With Netflix adaptation of the trippy Chinese sci-fi novel The Three-Body Problem, David Benioff, D. B. Weiss, and Alexander Woo have taken a dense book about thinly drawn characters solving math problems and turned it right into a visually stunning sci-fi horror-mystery. Now, it’s true that the series has not noted the breathless passages about Newtonian physics that made the book and its two sequels so engrossing. However, long stretches of characters explaining trigonometry wouldn’t look great on TV. We watch TV to unwind – to not change into higher people.
Still, 3 Body Problem could have benefited from a bit more hard science if it really desired to capture the cerebral twistiness of its source material. It could have also benefited from a bit more nuance in its depictions of its fundamental characters. To be fair, though, the show didn’t have much to go on. It even needed to invent some characters to make up for the novel’s dearth of them. Indeed, in a single case, it even improved upon a personality by expunging the sexism that plagued her novelized version.

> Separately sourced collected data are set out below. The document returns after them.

(* All the mass of B lies in one column x0, since the only distribution of
   entropy 0 is a point mass.  Let b be that column, s its sum and k = n - m
   its number of zeros.  Then B_e has column sums s + k e and n e (n - 1
   times), row sums b_y + (n - 1) e and n e (k times), and total mass
   N = s + (k + n (n - 1)) e, so each of H(X), H(Y), H(XY) is
   (xlnx N - sum of xlnx of the weights) / (N ln 2), where xlnx w = w ln w.
   Using xlnx (c e) = xlnx c e + c xlnx e and xlnx (c + d e) = xlnx c + O(e),
   the numerator of IA is -k (n - 1) xlnx e + O(e) and N ln 2 H(X) is
   -n (n - 1) xlnx e + O(e); as e = o(xlnx e) the ratio tends to k / n.
   Finally min(H(X), H(Y)) = H(X) near 0: for m = 1 they coincide, and for
   m >= 2 the difference N ln 2 (H(Y) - H(X)) tends to xlnx s - sum_y xlnx b_y,
   which is positive by strict superadditivity of xlnx. *)

Section XLogX.
Variable R : realType.
Implicit Types (x y c t e : R).

Definition xlnx x := x * ln x.

Lemma xlnxM x y : 0 < x -> 0 < y -> xlnx (x * y) = xlnx x * y + x * xlnx y.
Proof. by move=> x0 y0; rewrite /xlnx lnM ?posrE //; ring. Qed.

Lemma xlnxD_bound c t : 0 < c -> 0 <= t ->
  `|xlnx (c + t) - xlnx c| <= t * (`|ln c| + t / c + 1).
Proof.
move=> c0 t0; have ct0 : 0 < c + t by rewrite ltr_pwDl.
have /andP[dln0 dln_le] : 0 <= ln (c + t) - ln c <= t / c.
  have tc0 : 0 <= t / c by rewrite divr_ge0 // ltW.
  rewrite -ln_div ?posrE // (_ : (c + t) / c = 1 + t / c); last first.
    by rewrite mulrDl divff ?gt_eqF.
  rewrite ln_ge0 ?lerDl ?le_ln1Dx //.
  by apply: lt_le_trans tc0; rewrite ltrN10.
rewrite (_ : _ - _ = t * ln (c + t) + c * (ln (c + t) - ln c)); last first.
  by rewrite /xlnx; ring.
rewrite [leRHS]mulrDr mulr1; apply: le_trans (ler_normD _ _) _; apply: lerD.
  rewrite normrM ger0_norm // ler_wpM2l // -[ln (c + t)](subrK (ln c)) addrC.
  by apply: le_trans (ler_normD _ _) _; rewrite lerD2l ger0_norm.
by rewrite normrM (ger0_norm (ltW c0)) (ger0_norm dln0) mulrC -ler_pdivlMr.
Qed.

Lemma near_right0_mul_lt (a eta : R) : 0 < eta ->
  \forall e \near (0 : R)^'+, e * a < eta.
Proof.
move=> eta0; have a1 : 0 < `|a| + 1 by rewrite ltr_pwDr.
near=> e; have e0 : 0 < e by near: e; apply: nbhs_right_gt.
apply: (@le_lt_trans _ _ (e * (`|a| + 1))).
  by apply: ler_wpM2l; [exact: ltW | rewrite (le_trans (ler_norm a)) ?lerDl].
by rewrite -ltr_pdivlMr //; near: e; apply: nbhs_right_lt; rewrite divr_gt0.
Unshelve. all: by end_near. Qed.

Lemma xlnx_cvg0 : xlnx e @[e --> (0 : R)^'+] --> 0.
Proof.
apply/cvgr0Pnorm_lt => eta eta0; have t0 : 0 < eta / 2 by rewrite divr_gt0.
near=> e.
have e0 : 0 < e by near: e; apply: nbhs_right_gt.
have e1 : e < 1 by near: e; apply: nbhs_right_lt; apply: ltr01.
(* [ln (t / e) < t / e] gives [- e ln e < t - e ln t], here with [t = eta / 2] *)
have := ln_sublinear (divr_gt0 t0 e0).
rewrite ln_div ?posrE // -(ltr_pM2l e0) mulrCA divff ?gt_eqF // mulr1 mulrBr.
have : e * - ln (eta / 2) < eta / 2 by near: e; apply: near_right0_mul_lt.
rewrite /xlnx ltr0_norm ?pmulr_rlt0 ?ln_lt0 ?e0 // !mulrN; lra.
Unshelve. all: by end_near. Qed.

Lemma near_right0_xlnx_lt0 : \forall e \near (0 : R)^'+, xlnx e < 0.
Proof.
have ln_neg : \forall e \near (0 : R)^'+, ln e < 0.
  by apply: cvgrNy_lt; apply: lnNy.
near=> e; rewrite /xlnx pmulr_rlt0; first by near: e.
by near: e; apply: nbhs_right_gt.
Unshelve. all: by end_near. Qed.
End XLogX.

Section OLinear.
Variable R : realType.
Implicit Types (a b c d : R) (r f g : R -> R).

Definition Olin r : Prop := exists C : R, \forall e \near (0 : R)^'+, `|r e| <= C * e.

Lemma Olin_linear a : Olin (fun e => a * e).
Proof.
exists `|a|; near=> e.
by rewrite normrM [`|e|]ger0_norm //; near: e; apply: nbhs_right_ge.
Unshelve. all: by end_near. Qed.

Lemma OlinD r1 r2 : Olin r1 -> Olin r2 -> Olin (fun e => r1 e + r2 e).
Proof.
move=> [C1 r1C1] [C2 r2C2]; exists (C1 + C2); near=> e.
rewrite mulrDl; apply: le_trans (ler_normD _ _) _.
by apply: lerD; near: e; [exact: r1C1 | exact: r2C2].
Unshelve. all: by end_near. Qed.

Lemma OlinN r : Olin r -> Olin (fun e => - r e).
Proof.
by move=> [C rC]; exists C; near=> e; rewrite normrN; near: e.
Unshelve. all: by end_near. Qed.

Lemma OlinB r1 r2 : Olin r1 -> Olin r2 -> Olin (fun e => r1 e - r2 e).
Proof. by move=> r1O /OlinN; apply: OlinD. Qed.

Lemma Olin_sum (I : finType) (P : pred I) (r : I -> R -> R) :
  (forall i, P i -> Olin (r i)) -> Olin (fun e => \sum_(i | P i) r i e).
Proof.
rewrite -fct_sumE => rO; apply: big_ind => //.
- by exists 0; near=> e; rewrite normr0 mul0r.
- exact: OlinD.
Unshelve. all: by end_near. Qed.

Lemma Olin_near_eq f g : Olin g -> (\forall e \near (0 : R)^'+, f e = g e) -> Olin f.
Proof.
move=> [C gC] fg; exists C; near=> e.
by rewrite (near fg e) //; near: e.
Unshelve. all: by end_near. Qed.

Lemma Olin_xlnxD c d : 0 < c -> 0 <= d -> Olin (fun e => xlnx (c + d * e) - xlnx c).
Proof.
move=> c0 d0; exists (d * (`|ln c| + d / c + 1)); near=> e.
have e0 : 0 < e by near: e; apply: nbhs_right_gt.
have e1 : e <= 1 by near: e; apply: nbhs_right_le; apply: ltr01.
apply: le_trans (xlnxD_bound c0 (mulr_ge0 d0 (ltW e0))) _.
rewrite [leRHS]mulrAC; apply: ler_wpM2l; first by rewrite mulr_ge0 // ltW.
rewrite lerD2r lerD2l; apply: ler_wpM2r; first by rewrite invr_ge0 ltW.
by rewrite ler_piMr.
Unshelve. all: by end_near. Qed.

Lemma Olin_cvg0 r : Olin r -> r e @[e --> (0 : R)^'+] --> 0.
Proof.
move=> [C rC]; apply/cvgr0Pnorm_lt => eta eta0; near=> e.
apply: (@le_lt_trans _ _ (C * e)); first by near: e.
by rewrite mulrC; near: e; apply: near_right0_mul_lt.
Unshelve. all: by end_near. Qed.

Lemma Olin_div_xlnx r : Olin r -> r e / xlnx e @[e --> (0 : R)^'+] --> 0.
Proof.
move=> [C rC]; have ln_neg : \forall e \near (0 : R)^'+, ln e < 0.
  by apply: cvgrNy_lt; apply: lnNy.
have /cvgr0Pnorm_lt invln0 : (ln e)^-1 @[e --> (0 : R)^'+] --> 0.
  by apply/(ltr0_cvgV0 ln_neg); apply: lnNy.
apply/cvgr0Pnorm_lt => eta eta0; near=> e.
have e0 : 0 < e by near: e; apply: nbhs_right_gt.
rewrite /xlnx normrM normfV normrM [`|e|]gtr0_norm // invfM mulrA.
apply: (@le_lt_trans _ _ (`|C| * `|(ln e)^-1|)).
  have reC : `|r e| <= C * e by near: e.
  rewrite normfV; apply: ler_wpM2r; first by rewrite invr_ge0.
  rewrite ler_pdivrMr //; apply: le_trans reC _.
  by apply: ler_wpM2r; [exact: ltW | exact: ler_norm].
have C1 : 0 < `|C| + 1 by rewrite ltr_pwDr.
apply: (@le_lt_trans _ _ ((`|C| + 1) * `|(ln e)^-1|)).
  by rewrite ler_wpM2r ?lerDl.
rewrite mulrC -ltr_pdivlMr //; near: e; apply: invln0.
by rewrite divr_gt0.
Unshelve. all: by end_near. Qed.

Lemma cvg_div_xlnx f a : Olin (fun e => f e - a * xlnx e) ->
  f e / xlnx e @[e --> (0 : R)^'+] --> a.
Proof.
move=> /Olin_div_xlnx /(cvgD (cvg_cst a)); rewrite addr0; apply: cvg_trans.
apply: near_eq_cvg; near=> e.
have xlnx_neq0 : xlnx e != 0 by apply: ltr0_neq0; near: e; apply: near_right0_xlnx_lt0.
by rewrite fctE /= mulrBl mulfK // addrC subrK.
Unshelve. all: by end_near. Qed.

Lemma cvg_ratio_xlnx f g a b : b != 0 ->
  Olin (fun e => f e - a * xlnx e) -> Olin (fun e => g e - b * xlnx e) ->
  f e / g e @[e --> (0 : R)^'+] --> a / b.
Proof.
move=> b0 /cvg_div_xlnx fa /cvg_div_xlnx /(cvgV b0) gb.
apply: cvg_trans (cvgM fa gb); apply: near_eq_cvg; near=> e.
have xlnx_neq0 : xlnx e != 0 by apply: ltr0_neq0; near: e; apply: near_right0_xlnx_lt0.
by rewrite /= invf_div mulrA divfK.
Unshelve. all: by end_near. Qed.

Lemma cvg_Olin_xlnx f c a : Olin (fun e => f e - c - a * xlnx e) ->
  f e @[e --> (0 : R)^'+] --> c.
Proof.
move=> /Olin_cvg0 r0.
have -> : f = (fun e => (f e - c - a * xlnx e) + c + a * xlnx e).
  by apply/funext => e; ring.
suff : (fun e => (f e - c - a * xlnx e) + c + a * xlnx e) @ (0 : R)^'+ -->
  0 + c + a * 0 by rewrite add0r mulr0 addr0.
apply: cvgD; first by apply: cvgD => //; exact: cvg_cst.
by apply: cvgM; [exact: cvg_cst | exact: xlnx_cvg0].
Qed.
End OLinear.

Section Entropy.
Variable R : realType.

Lemma entropy_weights (I : finType) (a : I -> R) (S : R) :
  (forall i, 0 < a i) -> 0 < S -> \sum_i a i = S ->
  entropy (fun i => a i / S) = (xlnx S - \sum_i xlnx (a i)) / (S * ln 2).
Proof.
move=> a_gt0 S_gt0 sum_a.
rewrite /entropy (eq_bigl xpredT) => [|i]; last by rewrite divr_gt0.
rewrite (eq_bigr (fun i => (xlnx (a i) - a i * ln S) / (S * ln 2))) => [|i _].
  by rewrite -mulr_suml sumrB -mulr_suml sum_a -mulNr opprB.
have ln2_gt0 : 0 < ln (2 : R) by rewrite ln_gt0 // ltr1n.
by rewrite /log2 ln_div ?posrE // /xlnx; field; rewrite !gt_eqF.
Qed.

Lemma entropy_eq0_point_mass (I : finType) (p : I -> R) :
  (forall i, 0 <= p i) -> \sum_i p i = 1 -> entropy p = 0 ->
  exists i0, forall i, i != i0 -> p i = 0.
Proof.
move=> p_ge0 p_sum1 Hp0.
have [i0 /andP[_ pi0_gt0]] : exists i0, true && (0 < p i0).
  by apply: psumr_neq0P => //; rewrite p_sum1; apply/eqP; exact: oner_neq0.
have p_le1 i : p i <= 1 by rewrite -p_sum1 (bigD1 i) //= lerDl sumr_ge0.
have term_ge0 i : 0 < p i -> 0 <= - (p i * log2 (p i)).
  move=> pi_gt0; rewrite oppr_ge0 /log2; apply: mulr_ge0_le0; first exact: ltW.
  by rewrite pmulr_lle0 ?invr_gt0 ?ln_gt0 ?ltr1n //; apply: ln_le0.
have pi0_1 : p i0 = 1.
  have /eqP : - (p i0 * log2 (p i0)) = 0.
    by apply: (psumr_eq0P term_ge0) => //; rewrite sumrN.
  have ln2_neq0 : ln (2 : R) != 0 by rewrite gt_eqF // ln_gt0 // ltr1n.
  rewrite oppr_eq0 mulf_eq0 (gt_eqF pi0_gt0) /log2 mulf_eq0 invr_eq0.
  by rewrite (negbTE ln2_neq0) orbF ln_eq0 // => /eqP.
exists i0; apply/(psumr_eq0P (fun i _ => p_ge0 i)).
by move: p_sum1; rewrite (bigD1 i0) //= pi0_1; lra.
Qed.

Lemma entropy_pX0_single_column n (B : 'M[R]_n) :
  agreement_matrix B -> entropy (pX B) = 0 ->
  exists x0, forall y x, x != x0 -> B y x = 0.
Proof.
move=> [B_ge0 [y1 [x1 B11_neq0]]] HX0.
have S_gt0 : 0 < Ssum B.
  have B11_gt0 : 0 < B y1 x1 by rewrite lt0r B11_neq0 B_ge0.
  rewrite /Ssum (bigD1 y1) //= (bigD1 x1) //= -addrA; apply: ltr_wpDr => //.
  by apply: addr_ge0; apply: sumr_ge0 => i _; rewrite ?B_ge0 ?sumr_ge0.
have pX_sum1 : \sum_x pX B x = 1.
  by rewrite -mulr_suml /Ssum exchange_big /= divff // gt_eqF.
have pX_ge0 x : 0 <= pX B x by apply: divr_ge0; [exact: sumr_ge0 | exact: ltW].
have [x0 pX0] := entropy_eq0_point_mass pX_ge0 pX_sum1 HX0.
exists x0 => y x /pX0 /eqP; rewrite mulf_eq0 invr_eq0 (gt_eqF S_gt0) orbF.
by move=> /eqP /(psumr_eq0P (fun y _ => B_ge0 y x)); apply.
Qed.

As a type of entertainment in a visible medium and all, Netflix’s 3 Body Problem had to offer us flesh-and-blood humans to root for. That’s how characters just like the wealthy Jack Rooney (John Bradley) got here to life. By growing to love or at the least tolerate him, we learned to fear for his safety when the increasingly threatening ETO got here knocking. Additionally, Auggie (Eiza Gonzalez) is basically an invention for the series; she appears to be based on a male character from the novel. That aforementioned male character has been split into two female characters for the series, each of whom are much more dynamic than their novel counterpart. The other is Jin Cheng (Jess Hong).
Though each characters are largely defined by the plot mechanics that they set in motion, they still provide a welcome female presence on a show that might have easily change into a sexist mess. Published from 2006 to 2010, the Three-Body trilogy – dubbed Remembrance of Earth’s Past – was almost heavy-handed in its argument that girls weren’t able to leading the world from destruction. In traditional Chinese manner, the novel’s creator Liu Cixin ultimately makes a case for yin and yang, suggesting that girls need the logic of men to balance them and temper their irrationality. Moreover, Cixin makes the character of the previous revolutionary Ye Wenjie right into a quasi-villain just because she shows morbid curiosity in an alien species. (Well, she also desired to see the world burn, but mostly, she just desired to bring Earth right into a latest era of interstellar communication.) In any case, she’s depicted as an untrustworthy, incompetent, irrational liability. Overall, Cixin just isn’t shy in blaming the Earth’s destruction on women like Ye Wenjie, and even claims that the Earth of his novels is doomed since it’s too “feminized.”
The series, thankfully, has been stripped of that sexism. Ye Wenjie is portrayed as a principled anti-hero somewhat than a hothead devoid of logic. When she presses the button that contacts the Trisolarans, the motion is framed as a Regina George “watch the world burn” moment as a substitute of a contemptible act of self-destruction. Plus, at no point is she, or every other woman, depicted as irrational because she’s a girl. In fact, one could argue that the lads of this series are the silly ones. Of course, that’s partly because there are simply more women on this series. (By episode five, Jin Cheng is the show’s closest thing to a protagonist).
More likely, it’s since this show was made for an American audience. In China, in any case, feminism tends to look quite a bit different. While China does produce feminists who share views which are just like Western feminists, these Chinese progressives often operate inside an antagonistic framework. Due to the ruling Chinese Communist Party’s stranglehold over media, Chinese feminists often can’t use well-worn hashtags like #MeToo without being flagged and reported to the federal government. This normally leads to the federal government deleting their accounts. Thus, feminists resort to using code words akin to mitu (literally, “rice bunny”) to bypass this. Overall, this adds as much as an environment that just isn’t very friendly to the fight for female equality. So, you possibly can imagine why this version of 3 Body Problem may not have gone over as well in China. (In fact, it might be why China produced its own TV adaptation of the novel last 12 months.)
So, when all is claimed and done, the American 3 Body Problem has managed to adapt its source material in additional ways than one – thematically, visually, and culturally. And considering what might have been if it didn’t achieve that last endeavor, we should always probably be grateful. Netflix doesn’t need one other controversy after airing all of those problematic comedy specials that it’s change into known for. Now let’s just hope that it gets things right again for 3 Body Problem 2.